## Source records
Lemma det3_lift_madd_eq0 s a1 a2 v1 v2 w1 w2 : 0 < s ->
  a1 ^ 2 + a2 ^ 2 < s ^ 2 -> v1 ^ 2 + v2 ^ 2 < s ^ 2 -> w1 ^ 2 + w2 ^ 2 < s ^ 2 ->
  det3 (lift s (a1, a2)) (lift s (madd s (a1, a2) (v1, v2))) (lift s (madd s (a1, a2) (w1, w2))) = 0
  <-> v1 * w2 - v2 * w1 = 0.
Proof.
  intros Hs Ha Hv Hw.
  pose proof (madd_den_pos s a1 a2 v1 v2 Hs Ha Hv). pose proof (madd_den_pos s a1 a2 w1 w2 Hs Ha Hw).
  rewrite det3_lift_madd by lra.
  assert (0 < 4 * (s ^ 2) ^ 3 * (s ^ 2 - a1 ^ 2 - a2 ^ 2) ^ 3).
  { repeat apply Rmult_lt_0_compat; try lra; repeat apply pow_lt; lra. }
  unfold Rdiv. split; intro Hdet.
  - apply Rmult_integral in Hdet as [Hdet|Hdet].
    + apply Rmult_integral in Hdet as [Hdet|Hdet]; lra.
    + exfalso. revert Hdet. apply Rinv_neq_0_compat. nra.
  - rewrite Hdet. ring.
Qed.

Lemma on_gyroline_det s A B X : 0 < s -> in_disc s A -> in_disc s B ->
  on_gyroline s A B X -> det3 (lift s A) (lift s B) (lift s X) = 0.
Proof.
  intros Hs HA HB [t ->]. destruct A as [a1 a2], B as [b1 b2].
  rewrite in_disc_pair in HA, HB by assumption. change (Copp (a1, a2)) with (- a1, - a2).
  pose proof (madd_in_disc s (- a1) (- a2) b1 b2 Hs ltac:(lra) HB) as Hv.
  rewrite <- (madd_cancel_l s a1 a2 b1 b2 Hs HA HB) at 1.
  destruct (madd s (- a1, - a2) (b1, b2)) as [v1 v2]. cbn [fst snd] in Hv.
  destruct (mscal_scalar s t v1 v2 Hs) as (k & -> & Hk).
  apply det3_lift_madd_eq0; auto. ring.
Qed.

Lemma det_on_gyroline s A B X : 0 < s -> in_disc s A -> in_disc s B -> in_disc s X -> A <> B ->
  det3 (lift s A) (lift s B) (lift s X) = 0 -> on_gyroline s A B X.
Proof.
  intros Hs HA HB HX HAB Hdet. destruct A as [a1 a2], B as [b1 b2], X as [x1 x2].
  rewrite in_disc_pair in HA, HB, HX by assumption.
  unfold on_gyroline. change (Copp (a1, a2)) with (- a1, - a2).
  pose proof (madd_cancel_l s a1 a2 b1 b2 Hs HA HB) as EB.
  pose proof (madd_cancel_l s a1 a2 x1 x2 Hs HA HX) as EX.
  pose proof (madd_in_disc s (- a1) (- a2) b1 b2 Hs ltac:(lra) HB) as Hv.
  pose proof (madd_in_disc s (- a1) (- a2) x1 x2 Hs ltac:(lra) HX) as Hw.
  destruct (madd s (- a1, - a2) (b1, b2)) as [v1 v2], (madd s (- a1, - a2) (x1, x2)) as [w1 w2].
  cbn [fst snd] in Hv, Hw.
  rewrite <- EB, <- EX in Hdet. apply det3_lift_madd_eq0 in Hdet; auto.
  pose proof (madd_offset_pos s a1 a2 b1 b2 v1 v2 Hs EB HAB) as Hv0.
  destruct (parallel_scalar v1 v2 w1 w2 Hv0 Hdet) as (r & -> & ->).
  destruct (mscal_onto s r v1 v2 Hs (conj Hv0 Hv) Hw) as [t Ht].
  exists t. rewrite Ht. now symmetry.
Qed.

Lemma in_gyroside_props s B C D : 0 < s -> in_disc s B -> in_disc s C -> B <> C ->
  in_gyroside s B C D -> on_gyroline s B C D /\ in_disc s D /\ D <> B /\ D <> C.
Proof.
  intros Hs HB HC HBC [t [Ht HD]]. split; [exists t; exact HD|].
  destruct B as [b1 b2], C as [c1 c2]. rewrite in_disc_pair in HB, HC by assumption.
  change (Copp (b1, b2)) with (- b1, - b2) in HD.
  pose proof (madd_cancel_l s b1 b2 c1 c2 Hs HB HC) as EC.
  pose proof (madd_in_disc s (- b1) (- b2) c1 c2 Hs ltac:(lra) HC) as Hv.
  destruct (madd s (- b1, - b2) (c1, c2)) as [v1 v2]. cbn [fst snd] in Hv.
  pose proof (madd_offset_pos s b1 b2 c1 c2 v1 v2 Hs EC HBC) as Hv0.
  destruct (mscal_interior s t v1 v2 Hs Ht (conj Hv0 Hv)) as (k & Hk & Hkv).
  rewrite Hkv in HD. subst D.
  assert (Hkd : (k * v1) ^ 2 + (k * v2) ^ 2 < s ^ 2).
  { replace ((k * v1) ^ 2 + (k * v2) ^ 2) with (k ^ 2 * (v1 ^ 2 + v2 ^ 2)) by ring.
    assert (k ^ 2 < 1) by nra. nra. }
  assert (Hs2 : 0 < s ^ 2) by (apply pow_lt; lra).
  split; [apply in_disc_pair, madd_in_disc; auto|].
  split; intro E; apply (f_equal (madd s (- b1, - b2))) in E.
  - rewrite madd_cancel_opp_l in E by auto.
    rewrite <- (madd_0_r s b1 b2), madd_cancel_opp_l in E by (auto; lra). injection E as E1 E2.
    assert (Hk0 : k * (v1 ^ 2 + v2 ^ 2) = 0) by (rewrite Rmult_plus_distr_l; nra). nra.
  - rewrite <- EC, !madd_cancel_opp_l in E by auto. injection E as E1 E2.
    assert (Hk1 : (1 - k) * (v1 ^ 2 + v2 ^ 2) = 0) by nra. nra.
Qed.

Lemma gram_lift_nonneg s X Y : 0 <= gram (lift s X) (lift s Y).
Proof.
  destruct X as [x1 x2], Y as [y1 y2]. rewrite gram_lift. unfold madd_den.
  apply Rmult_le_pos; [apply Rmult_le_pos|]; [pose proof (pow2_ge_0 s); lra| |];
    apply Rplus_le_le_0_compat; apply pow2_ge_0.
Qed.

Lemma gram_lift_pos s X Y : 0 < s -> in_disc s X -> in_disc s Y -> X <> Y ->
  0 < gram (lift s X) (lift s Y).
Proof.
  intros Hs HX HY HXY. destruct X as [x1 x2], Y as [y1 y2].
  rewrite in_disc_pair in HX, HY by assumption. rewrite gram_lift.
  pose proof (madd_den_pos s (- x1) (- x2) y1 y2 Hs ltac:(lra) HY).
  assert (0 < (y1 - x1) ^ 2 + (y2 - x2) ^ 2).
  { pose proof (pow2_ge_0 (y1 - x1)). pose proof (pow2_ge_0 (y2 - x2)).
    destruct (Req_dec x1 y1) as [<-|Hne].
    - assert (y2 - x2 <> 0) by (intro; apply HXY; f_equal; lra).
      pose proof (pow_nonzero (y2 - x2) 2 ltac:(assumption)). lra.
    - pose proof (pow_nonzero (y1 - x1) 2 ltac:(lra)). lra. }
  assert (0 < s ^ 2) by (apply pow_lt; lra).
  repeat apply Rmult_lt_0_compat; lra.
Qed.

(* [s^2 - |X|^2] is the Minkowski norm of [lift s X], so this says that [v_gamma] is [s/2] times
   the hyperbolic sine of the distance of the lifted points on the hyperboloid. *)
Lemma gam_gdist s X Y : 0 < s -> in_disc s X -> in_disc s Y ->
  gam s (gdist s X Y)
  = s * sqrt (gram (lift s X) (lift s Y)) / (2 * (s ^ 2 - Cmod X ^ 2) * (s ^ 2 - Cmod Y ^ 2)).
Proof.
  intros Hs HX HY. pose proof (gram_lift_nonneg s X Y) as HG.
  destruct X as [x1 x2], Y as [y1 y2].
  rewrite in_disc_pair in HX, HY by assumption. rewrite !Cmod_pair_sq. rewrite gram_lift in *.
  unfold gam, gdist. change (Copp (x1, x2)) with (- x1, - x2).
  pose proof (madd_den_pos s (- x1) (- x2) y1 y2 Hs ltac:(lra) HY) as Hd.
  pose proof (madd_norm2 s (- x1) (- x2) y1 y2 Hs ltac:(lra)) as Hn.
  destruct (madd s (- x1, - x2) (y1, y2)) as [z1 z2]. cbn [fst snd] in Hn.
  pose proof (Cmod_ge_0 (z1, z2)) as Hz. rewrite <- Cmod_pair_sq in Hn.
  set (den := madd_den s (- x1) (- x2) y1 y2) in *. set (z := Cmod (z1, z2)) in *.
  set (hx := s ^ 2 - (x1 ^ 2 + x2 ^ 2)). set (hy := s ^ 2 - (y1 ^ 2 + y2 ^ 2)).
  assert (0 < s ^ 2) by (apply pow_lt; lra). assert (0 < hx) by (unfold hx; lra).
  assert (0 < hy) by (unfold hy; lra).
  assert (Hgap : 1 - z ^ 2 / s ^ 2 = hx * hy / den).
  { assert (Eden : den = s ^ 2 * ((- x1 + y1) ^ 2 + (- x2 + y2) ^ 2) + hx * hy)
      by (unfold den, hx, hy, madd_den; ring).
    rewrite Hn, Eden. field. repeat split; (rewrite <- Eden || idtac); lra. }
  rewrite Hgap. apply Rsqr_inj.
  - apply Rdiv_le_0_compat; [assumption|]. apply Rdiv_lt_0_compat; nra.
  - apply Rdiv_le_0_compat; [apply Rmult_le_pos; [lra|apply sqrt_pos]|nra].
  - unfold Rsqr. transitivity (z ^ 2 * (den / (hx * hy)) ^ 2); [field; lra|].
    transitivity (s ^ 2 * (sqrt (4 * s ^ 2 * ((y1 - x1) ^ 2 + (y2 - x2) ^ 2) * den)
                           * sqrt (4 * s ^ 2 * ((y1 - x1) ^ 2 + (y2 - x2) ^ 2) * den))
                  / (2 * hx * hy) ^ 2); [|field; lra].
    rewrite sqrt_sqrt by assumption. rewrite Hn. field. lra.
Qed.

Lemma disc_gap_pos s X : in_disc s X -> 0 < s ^ 2 - Cmod X ^ 2.
Proof. unfold in_disc. intro HX. pose proof (Cmod_ge_0 X). nra. Qed.

Lemma gam_menelaus_of_gram s A B C D M N P : 0 < s ->
  in_disc s A -> in_disc s B -> in_disc s C -> in_disc s D ->
  in_disc s M -> in_disc s N -> in_disc s P ->
  C <> D -> N <> A -> M <> P -> B <> A ->
  gram (lift s B) (lift s D) * gram (lift s C) (lift s A)
  * gram (lift s N) (lift s P) * gram (lift s M) (lift s A)
  = gram (lift s C) (lift s D) * gram (lift s N) (lift s A)
    * gram (lift s M) (lift s P) * gram (lift s B) (lift s A) ->
  gam s (gdist s B D) / gam s (gdist s C D)
  * (gam s (gdist s C A) / gam s (gdist s N A))
  * (gam s (gdist s N P) / gam s (gdist s M P))
  * (gam s (gdist s M A) / gam s (gdist s B A)) = 1.
Proof.
  intros Hs HA HB HC HD HM HN HP HCD HNA HMP HBA Hgram.
  rewrite !gam_gdist by assumption.
  pose proof (disc_gap_pos s A HA). pose proof (disc_gap_pos s B HB).
  pose proof (disc_gap_pos s C HC). pose proof (disc_gap_pos s D HD).
  pose proof (disc_gap_pos s M HM). pose proof (disc_gap_pos s N HN).
  pose proof (disc_gap_pos s P HP).
  pose proof (gram_lift_pos s C D Hs HC HD HCD). pose proof (gram_lift_pos s N A Hs HN HA HNA).
  pose proof (gram_lift_pos s M P Hs HM HP HMP). pose proof (gram_lift_pos s B A Hs HB HA HBA).
  pose proof (gram_lift_nonneg s B D). pose proof (gram_lift_nonneg s C A).
  pose proof (gram_lift_nonneg s N P). pose proof (gram_lift_nonneg s M A).
  set (gBD := gram (lift s B) (lift s D)) in *. set (gCA := gram (lift s C) (lift s A)) in *.
  set (gNP := gram (lift s N) (lift s P)) in *. set (gMA := gram (lift s M) (lift s A)) in *.
  set (gCD := gram (lift s C) (lift s D)) in *. set (gNA := gram (lift s N) (lift s A)) in *.
  set (gMP := gram (lift s M) (lift s P)) in *. set (gBA := gram (lift s B) (lift s A)) in *.
  pose proof (sqrt_lt_R0 gCD ltac:(assumption)). pose proof (sqrt_lt_R0 gNA ltac:(assumption)).
  pose proof (sqrt_lt_R0 gMP ltac:(assumption)). pose proof (sqrt_lt_R0 gBA ltac:(assumption)).
  transitivity (sqrt gBD * sqrt gCA * sqrt gNP * sqrt gMA
                / (sqrt gCD * sqrt gNA * sqrt gMP * sqrt gBA)); [field; repeat split; lra|].
  rewrite <- !sqrt_mult by (repeat apply Rmult_le_pos; lra).
  rewrite Hgram. apply Rdiv_diag. apply Rgt_not_eq, sqrt_lt_R0.
  repeat apply Rmult_lt_0_compat; assumption.
Qed.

## INSTRUCTIONS TO FOLLOW
Please reproduce, exactly as they appear above, the lines from the line containing "pose proof (disc_gap_pos s A" up to and including the line containing "pose proof (gram_lift_nonneg s B".

## SOLUTION TO THE PROBLEM
  pose proof (disc_gap_pos s A HA). pose proof (disc_gap_pos s B HB).
  pose proof (disc_gap_pos s C HC). pose proof (disc_gap_pos s D HD).
  pose proof (disc_gap_pos s M HM). pose proof (disc_gap_pos s N HN).
  pose proof (disc_gap_pos s P HP).
  pose proof (gram_lift_pos s C D Hs HC HD HCD). pose proof (gram_lift_pos s N A Hs HN HA HNA).
  pose proof (gram_lift_pos s M P Hs HM HP HMP). pose proof (gram_lift_pos s B A Hs HB HA HBA).
  pose proof (gram_lift_nonneg s B D). pose proof (gram_lift_nonneg s C A).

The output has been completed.